Coulomb's law helps us understand the force between two charged particles. It's a fundamental principle in physics that describes how electric charges interact. Imagine having two static charges. The force of attraction or repulsion between them can be calculated using this law.

The formula is given by:

• \[ F = \frac{k \cdot q_1 \cdot q_2}{r^2} \]
  
• Here, F is the force, k is Coulomb's constant (\(8.99 \times 10^9 \mathrm{Nm}^2/\mathrm{C}^2\)), and q values are the charges of the particles in coulombs.
  
• The distance r is the separation between charges, squared in this context.

In energy calculations, as in the given exercise, the formula changes slightly.
We remove the square from the distance since energy is not about **force** directly,
and the negative sign indicates energy release upon attraction.

Ionic bonds form when electrons transfer from one atom to another. This transfer creates ions with opposite charges, which then attract each other. It's one of the key ways atoms come together to form compounds. These bonds are strong and are essential to forming stable structures.

Consider the example in the exercise: a magnesium (Mg) ion and chloride (Cl) ion. Magnesium loses two electrons to achieve a stable electron arrangement, becoming \( \mathrm{Mg}^{2+} \).
Chlorine gains those electrons, forming \( \mathrm{Cl}^- \).
The opposite charges of \( \mathrm{Mg}^{2+} \) and \( \mathrm{Cl}^- \) ions result in a strong electrostatic attraction,
which is the ionic bond.

• Ionic bonds result in the formation of crystals, like salt.
• They have high melting and boiling points due to their strength.

Rich in fascinating chemistry, ionic bonds are foundational in many compounds around us.

A magnesium ion, symbolized as \( \mathrm{Mg}^{2+} \), represents a magnesium atom that has lost two electrons. This transforms it from a neutral atom into a positively charged ion with a charge of +2. This type of ion is common in numerous chemical reactions, especially those leading to the formation of ionic compounds.

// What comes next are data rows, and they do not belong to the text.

Lemma sum_expr_count (R : pzRingType) (x : R) (I : finType) (P : pred I)
    (a : I -> nat) N :
  (forall i, P i -> a i <= N)%N ->
  \sum_(i | P i) x ^+ a i = x ^+ N *+ #|P| +
    \sum_(j < N) (x ^+ j - x ^+ j.+1) *+ #|[pred i | P i & a i <= j]%N|.
Proof.
move=> le_aN; rewrite (eq_bigr _ (fun i Pi => expr_telescope x (le_aN i Pi))).
rewrite big_split sumr_const /=; congr (_ + _).
rewrite (eq_bigr (fun i => \sum_(j < N | (a i <= j)%N) (x ^+ j - x ^+ j.+1))); last first.
  by move=> i _; rewrite big_geq_mkord.
rewrite (exchange_big_dep xpredT) //=; apply: eq_bigr => j _.
by rewrite sumr_const.
Qed.

Lemma sum_expr_le_count (R : numDomainType) (x : R) (I J : finType)
    (P : pred I) (Q : pred J) (a : I -> nat) (b : J -> nat) N :
  0 <= x <= 1 -> #|P| = #|Q| ->
  (forall i, P i -> a i <= N)%N -> (forall j, Q j -> b j <= N)%N ->
  (forall m, m < N -> #|[pred j | Q j & b j <= m]| <= #|[pred i | P i & a i <= m]|)%N ->
  \sum_(j | Q j) x ^+ b j <= \sum_(i | P i) x ^+ a i.
Proof.
case/andP=> x_ge0 x_le1 eq_card le_aN le_bN le_count.
rewrite (sum_expr_count x le_aN) (sum_expr_count x le_bN) eq_card lerD2l.
apply: ler_sum => j _; apply: ler_wpMn2l; last exact: le_count.
by rewrite subr_ge0 ler_wiXn2l.
Qed.

Lemma geometric_sumS (F : fieldType) (x : F) m : x != 1 ->
  (x ^+ m.+1 - x) / (x - 1) = \sum_(i < m) x ^+ i.+1.
Proof.
move=> x_neq1; have x1_neq0 : x - 1 != 0 by rewrite subr_eq0.
rewrite exprS -[X in _ - X]mulr1 -mulrBr subrX1 mulrCA mulrC mulKf // mulr_sumr.
by apply: eq_bigr => i _; rewrite exprS.
Qed.

End Sums.

Section Through.
Variable T : finType.
Implicit Types (u v k x : T) (s : seq T).

Lemma through_cons u v k x s :
  through u v k (x :: s) = [|| (k, x) == (u, v), (k, x) == (v, u) | through u v x s].
Proof. by rewrite /through /= orbA. Qed.

Lemma through_rcons u v k x s : through u v k (rcons s x) =
  [|| through u v k s, (last k s, x) == (u, v) | (last k s, x) == (v, u)].
Proof.
elim: s k => [|y s IHs] k; first by rewrite /through /= orbF.
by rewrite rcons_cons !through_cons IHs !orbA.
Qed.

Lemma through_mem u v k s : through u v k s -> u \in k :: s.
Proof.
elim: s k => [//|x s IHs] k; rewrite through_cons !xpair_eqE.
case/or3P=> [/andP[/eqP-> _]|/andP[_ /eqP->]|/IHs]; rewrite !inE ?eqxx ?orbT //.
by move=> ->; rewrite orbT.
Qed.

End Through.

Section Geodesics.
Variables (T : finType) (e : rel T).
Implicit Types (k l u : T) (s : seq T).

Definition geodesic k s := path e k s && (gdist e k (last k s) == size s).

Lemma gdist_le_card k l : gdist e k l <= #|T|.
Proof. exact: (@bigmin_le_id _ nat). Qed.

Lemma gdist_le_size k s : path e k s -> gdist e k (last k s) <= size s.
Proof.
move=> walk_s; have [/(leq_trans (gdist_le_card _ _))//|lt_sT] := leqP #|T| (size s).
apply: (@bigmin_le_cond _ nat _ _ (Ordinal lt_sT)) => /=.
by apply/set0Pn; exists (in_tuple s); rewrite inE walk_s eqxx.
Qed.

Lemma geodesic_walks k l (t : (gdist e k l).-tuple T) :
  (t \in walks e k l (gdist e k l)) = geodesic k t && (last k t == l).
Proof.
by rewrite inE /geodesic size_tuple andbAC; case: eqP => [->|_]; rewrite ?eqxx ?andbT ?andbF.
Qed.

Lemma shortest_walks_neq0 k l : gdist e k l < #|T| -> walks e k l (gdist e k l) != set0.
Proof.
rewrite /gdist; elim/big_ind: _ => [|m n IHm IHn|//]; first by rewrite ltnn.
by rewrite /minn; case: (ltnP m n).
Qed.

Lemma exists_geodesic k l : gdist e k l < #|T| ->
  exists2 s, geodesic k s & last k s = l.
Proof.
move=> /shortest_walks_neq0/set0Pn[t].
by rewrite geodesic_walks => /andP[geo_t /eqP]; exists t.
Qed.

Lemma gdist_refl k : gdist e k k = 0.
Proof. by apply/eqP; rewrite -leqn0 (gdist_le_size (s := [::])). Qed.

Lemma geodesic_prefix k s1 s2 : geodesic k (s1 ++ s2) -> geodesic k s1.
Proof.
rewrite /geodesic cat_path last_cat size_cat => /andP[/andP[walk1 walk2] /eqP dist12].
rewrite walk1 eqn_leq gdist_le_size //= leqNgt; apply/negP => short.
have lt_d1T : gdist e k (last k s1) < #|T|.
  by rewrite (leq_trans short) // (leq_trans (leq_addr (size s2) _)) // -dist12 gdist_le_card.
have [s1' /andP[walk1' /eqP dist1'] last1'] := exists_geodesic lt_d1T.
have := @gdist_le_size k (s1' ++ s2).
rewrite cat_path walk1' last1' walk2 last_cat last1' dist12 size_cat -dist1' last1' leq_add2r.
by rewrite leqNgt short => /(_ isT).
Qed.

Lemma geodesic_gdist k s : geodesic k s -> map (gdist e k) s = iota 1 (size s).
Proof.
elim/last_ind: s => [//|s x IHs]; rewrite -cats1 => geo_sx.
have /andP[_ /eqP] := geo_sx.
rewrite map_cat IHs ?(geodesic_prefix geo_sx) // last_cat !size_cat iotaD /= => ->.
by rewrite addnC.
Qed.

Lemma geodesic_uniq k s : geodesic k s -> uniq (k :: s).
Proof.
move=> /geodesic_gdist dist_s; apply: (@map_uniq _ _ (gdist e k)).
by rewrite /= gdist_refl dist_s; apply: (iota_uniq 0 (size s).+1).
Qed.

Lemma sum_nb_sp_through_source u l : l != u ->
  \sum_(v | e u v) nb_sp_through e u v u l = nb_sp e u l.
Proof.
move=> l_neq_u.
have first_step t : t \in walks e u l (gdist e u l) ->
    exists x s, [/\ tval t = x :: s, e u x & u \notin x :: s].
  rewrite geodesic_walks; case def_t: (tval t) => [|x s] /andP[geo_t last_t].
    by move: last_t l_neq_u => /= /eqP->; rewrite eqxx.
  have /andP[/andP[ux _] _] := geo_t.
  by exists x, s; split=> //; case/andP: (geodesic_uniq geo_t).
rewrite /nb_sp_through /nb_sp.
apply: (sum_card_fibres (g := fun t : (gdist e u l).-tuple T => head u t)).
  by move=> t /first_step[x [s [-> ux _]]].
move=> v t uv /first_step[x [s [-> _ u_notin]]].
have x_neq_u : x != u by apply: contraNneq u_notin => ->; apply: mem_head.
rewrite through_cons (negbTE (contra (@through_mem _ u v x s) u_notin)) !xpair_eqE.
by rewrite eqxx (negbTE x_neq_u) andbF !orbF.
Qed.

End Geodesics.

Section SymmetricGraph.
Variables (T : finType) (e : rel T).
Hypothesis e_sym : symmetric e.
Implicit Types (k l u v : T) (s : seq T).

Lemma sum_nb_sp_through_target u k : k != u ->
  \sum_(v | e u v) nb_sp_through e u v k u = nb_sp e k u.
Proof.
move=> k_neq_u.
have last_step t : t \in walks e k u (gdist e k u) ->
    exists s, [/\ tval t = rcons s u, e u (last k s) & u \notin k :: s].
  rewrite geodesic_walks; case/lastP def_t: (tval t) => [|s x] /andP[geo_t last_t].
    by move: last_t k_neq_u => /= /eqP->; rewrite eqxx.
  move: last_t geo_t; rewrite last_rcons => /eqP-> geo_t; exists s; split=> //.
    by have /andP[] := geo_t; rewrite rcons_path e_sym => /andP[].
  by have := geodesic_uniq geo_t; rewrite -rcons_cons rcons_uniq => /andP[].
rewrite /nb_sp_through /nb_sp.
apply: (sum_card_fibres (g := fun t : (gdist e k u).-tuple T => last k (belast k t))).
  by move=> t /last_step[s [-> us _]]; rewrite belast_rcons.
move=> v t uv /last_step[s [-> _ u_notin]]; rewrite belast_rcons /=.
have last_neq_u : last k s != u by apply: contraNneq u_notin => <-; apply: mem_last.
rewrite through_rcons (negbTE (contra (@through_mem _ u v k s) u_notin)) /=.
by rewrite !xpair_eqE (negbTE last_neq_u) eqxx andbT.
Qed.

Lemma deg1_notin_geodesic u k s : (forall v w, e u v -> e u w -> v = w) ->
  geodesic e k s -> u != last k s -> u \notin s.
Proof.
move=> deg1 geo_s last_neq; apply/negP => u_in_s.
move: geo_s last_neq; case/splitPr: u_in_s => s1 s2.
case: s2 => [|b s2]; first by rewrite last_cat /= eqxx.
move=> geo_s _; have /andP[walk_s _] := geo_s.
move: walk_s; rewrite cat_path /= => /and4P[_ au ub _].
have a_eq_b : last k s1 = b by apply: deg1 ub; rewrite e_sym.
have := geodesic_uniq geo_s; rewrite -cat_cons cat_uniq => /and3P[_ /hasPn/(_ b)].
by rewrite -a_eq_b mem_last !inE eqxx orbT => /(_ isT).
Qed.

End SymmetricGraph.

Section ConnectedGraph.
Variables (T : finType) (e : rel T).
Hypotheses (e_sym : symmetric e) (e_conn : connected_graph e).
Implicit Types (k l u v : T) (s : seq T).

Lemma gdist_lt_card k l : gdist e k l < #|T|.
Proof.
have /connectP[s walk_s ->] := e_conn k l.
case/shortenP: walk_s => s' walk_s' uniq_s' _.
apply: leq_ltn_trans (gdist_le_size walk_s') _.
by have := max_card (mem (k :: s')); rewrite (card_uniqP uniq_s').
Qed.

Lemma gdist_sym k l : gdist e k l = gdist e l k.
Proof.
suff le_dist x y : gdist e y x <= gdist e x y by apply/eqP; rewrite eqn_leq !le_dist.
have [s /andP[walk_s /eqP dist_s] <-] := exists_geodesic (gdist_lt_card x y).
have walk_rev : path e (last x s) (rev (belast x s)).
  by rewrite rev_path (@eq_path _ _ e) // => a b; apply: e_sym.
have := gdist_le_size walk_rev; rewrite size_rev size_belast dist_s.
case/lastP: s {walk_s dist_s walk_rev} => [//|s z].
by rewrite belast_rcons rev_cons !last_rcons.
Qed.

Lemma nb_sp_gt0 k l : 0 < nb_sp e k l.
Proof. by rewrite card_gt0 shortest_walks_neq0 ?gdist_lt_card. Qed.

Lemma card_ball_ge u m : m < #|T| ->
  m <= #|[pred l | (l != u) && (gdist e u l <= m)]|.
Proof.
move=> lt_mT; have [/existsP[l far_l]|/existsPn near] := boolP [exists l, m < gdist e u l].
  have [s geo_s last_s] := exists_geodesic (gdist_lt_card u l).
  have /andP[_ /eqP] := geo_s; rewrite last_s => dist_s.
  have /andP[u_notin_s uniq_s] := geodesic_uniq geo_s.
  have size_take : size (take m s) = m by rewrite size_takel // -dist_s ltnW.
  rewrite -{1}size_take -(card_uniqP (take_uniq m uniq_s)).
  apply/subset_leq_card/subsetP => x x_in; rewrite inE.
  rewrite (memPn u_notin_s _ (mem_take x_in)) /=.
  have := map_f (gdist e u) x_in; rewrite map_take (geodesic_gdist geo_s).
  by rewrite take_iota mem_iota; lia.
apply: (@leq_trans #|T|.-1); first by lia.
rewrite -(cardC1 u); apply/subset_leq_card/subsetP => l; rewrite !inE => l_neq_u.
by rewrite l_neq_u leqNgt near.
Qed.

Variables (R : realFieldType) (lam : R).
Local Open Scope ring_scope.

Understanding the nature of the magnesium ion can be simplified into a few facts:

• Magnesium is in Group 2 of the periodic table.
• It typically loses two electrons to achieve a stable noble gas configuration.
• The resulting \( \mathrm{Mg}^{2+} \) ion is highly reactive and ready to form bonds.

Mg ions are vital in many biological and industrial processes.
They play key roles in things like muscle contraction and are part of materials like magnesium oxide and magnesium sulfate.
In the context of ionic bonds, its positive charge gets attracted to negatively charged ions, forming stable compounds.

The chloride ion, denoted as \( \mathrm{Cl}^- \), is formed when a chlorine atom gains an extra electron. This ion now carries a negative charge of -1, making it an anion. Chloride ions are ubiquitous in chemistry, forming compounds readily with a variety of metals.

Some essential points about chloride ions include:

• Chlorine belongs to Group 17 (halogens) in the periodic table.
• The gain of one electron allows chlorine to fulfill its desire for a complete outer shell.
• This single-charge anion pairs well with positively charged ions like sodium and magnesium.

In daily life, chloride ions are everywhere. They're found in the table salt (sodium chloride) we use in cooking.
They're also in biological fluids and play critical roles in maintaining proper nerve function.
When paired with \( \mathrm{Mg}^{2+} \) ions in ionic bonds, chloride ions contribute to the compound's overall stability and functionality.